After this God’s children obeyed the daily bread law. And it says in Exodus 16 that those who gathered much (because they had much family) did not have too much. And those who gathered little (because they had little family) did not have too little. But everyone had enough. (Exodus 16:17-18)
All of us are breaking obscure Old Testament laws. All guys, except lumberjacks and hipsters, shave these days. And who wears an outfit made from only one kind of fabric? We don’t live by Old Testament law here on the other side of Calvary. Though I do sometimes wish I could put my wife in a tent in the backyard for a few days every month.
The apostle Paul believed the daily bread law – no matter how impractical and ancient and strange – was still in affect for New Testament Christians like me. He made a habit of asking the churches he planted to give him their leftovers so that he could share them with impoverished Christians living in Jerusalem – 80% of them lacking daily bread.
When collecting leftovers from Christians in Corinth he wrote:
Our desire is not that others might be relieved while you are hard pressed, but that there might be equality. At the present time your plenty will supply what they need, so that in turn their plenty will supply what you need. The goal is equality, as it is written: βThe one who gathered much did not have too much, and the one who gathered little did not have too little.β – 2 Corinthians 8:13-15
What God wants is equality. And just in case anyone wants to bicker over exactly what he means by this, well, Paul defines the word clearly. By quoting Exodus 16. “Equality,” Paul says, means that no one has too much and no one has too little. But everyone has bread enough for today.
In one small paragraph the apostle Paul plucks a bizarre obscure law about bread from the pages of antiquity and places it solidly on the other side of Calvary before us moderns and says, “Take only your daily bread. This is a test.”
And so, I’ve said from so many stages, the test is this: Are daily bread and God enough for me?
If He is all I need then I can give up anything He wants to give someone else all they need.
I’ve said this a few hundred times.
And then I made a CD and sank every penny you gave and I had into its production, duplication, distribution and promotion. And then the adoption agency called and we added one more to our family unexpectedly. And I took a month off without income to help him adjust. And then there were doctor visits and blood tests. And a broken guitar. And the usual bills to pay. And a car to pass inspection. And…
82 cents. At the end of the month we had 82 cents.
Now it’s September and we’ve tallied what’s ahead – what’s coming in and what must go out and…a check arrives for what’s needed this week. “Daily bread,” I said when Becky opened it. “God is so laughing right now,” she said.

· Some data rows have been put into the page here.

Lemma card_ord3_set N (P : pred (nat * nat * nat)) (l : seq (nat * nat * nat)) :
  uniq l -> (forall t : nat * nat * nat, t \in l -> max3 t <= N)%N ->
  (forall s : 'I_N.+1 * 'I_N.+1 * 'I_N.+1, P (ord3 s) = (ord3 s \in l)) ->
  #|[set s : 'I_N.+1 * 'I_N.+1 * 'I_N.+1 | P (ord3 s)]| = size l.
Proof.
move=> ul lN Pl.
pose g t : 'I_N.+1 * 'I_N.+1 * 'I_N.+1 := (inord t.1.1, inord t.1.2, inord t.2).
have ord3K s : g (ord3 s) = s by case: s => [[? ?] ?]; rewrite /g /= !inord_val.
have gK : {in l, cancel g ord3}.
  move=> [[p q] r] /lN; rewrite /max3 /= => le_N.
  have [hp hq hr] : [/\ p < N.+1, q < N.+1 & r < N.+1]%N by split; lia.
  by rewrite /ord3 /= !inordK.
transitivity #|[set s in map g l]|.
  apply: eq_card => s; rewrite !inE Pl; apply/idP/mapP => [sl | [t tl ->]].
    by exists (ord3 s); rewrite ?ord3K.
  by rewrite gK.
rewrite cardsE -(size_map g); apply/card_uniqP.
by rewrite map_inj_in_uniq //; apply: can_in_inj gK.
Qed.

Lemma tree_count0_eq n : tree_count 0 n = n./2.
Proof.
rewrite /tree_count -(size_splits n n).
apply: (card_ord3_set (P := fun t =>
  asbool (exists alpha, (1 <= alpha)%N /\ on_tree alpha 0 t) && (max3 t == n)));
  first exact: splits_uniq.
  by move=> [[p q] r]; rewrite mem_splits /max3 /= => /and4P[_ _ /eqP pqn /eqP ->]; lia.
move=> s; rewrite mem_splits; case: (ord3 s) => [[p q] r] /=.
apply/andP/and4P => [[/asboolP/on_tree0P/and3P[/= p0 pq /eqP ->]] | ].
  by rewrite /max3 /= => /eqP <-; split; try apply/eqP; lia.
move=> [p0 pq /eqP pqn /eqP ->]; split.
  by apply/asboolP; apply/on_tree0P; rewrite /= p0 pq pqn eqxx.
by rewrite /max3 /=; apply/eqP; lia.
Qed.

And next week? Well, I don’t know. And I’ve not lived an I don’t know kind of life for a few years now. Well, not like this. (You’re there too aren’t you?) This is the test. Can I live what I sing and say? Is having God and just enough…enough?
Ericaj says:
I really appreciated your video for Kelly’s blog and what you had to say about this same thing and your experience with that pastor praying for their daily bread. It is a reminder that we Americans (at least me) need to hear.
Kristin Smith says:
Beautiful message…and I laughed outloud when I read ” Though I do sometimes wish I could put my wife in a tent in the backyard for a few days every month.”…Becky would probably go willingly some days right?! π
Thank you for your example!!
Blessings, Kristin
Jen Guarino says:
Living with just enough is what God has tested us with for a few years now. We are finally learning to be satisfied with what we have and not wishing for more. It has grown our faith by 10 fold..or 100 fold….maybe even a 1000 fold. Daily Bread has a special meaning to me so thank you for your post today. I received a $10 gift card for iTunes and will be using it to purchase the new album! I cannot wait to listen to it in full.
Jason says:
I know I shouldn’t have laughed at the tent reference if I want to not stay on the couch tonight but I did. π
Great post, Shaun. A good reminder.
Amy D. says:
I like it when you talk bread. π it’s always eye opening.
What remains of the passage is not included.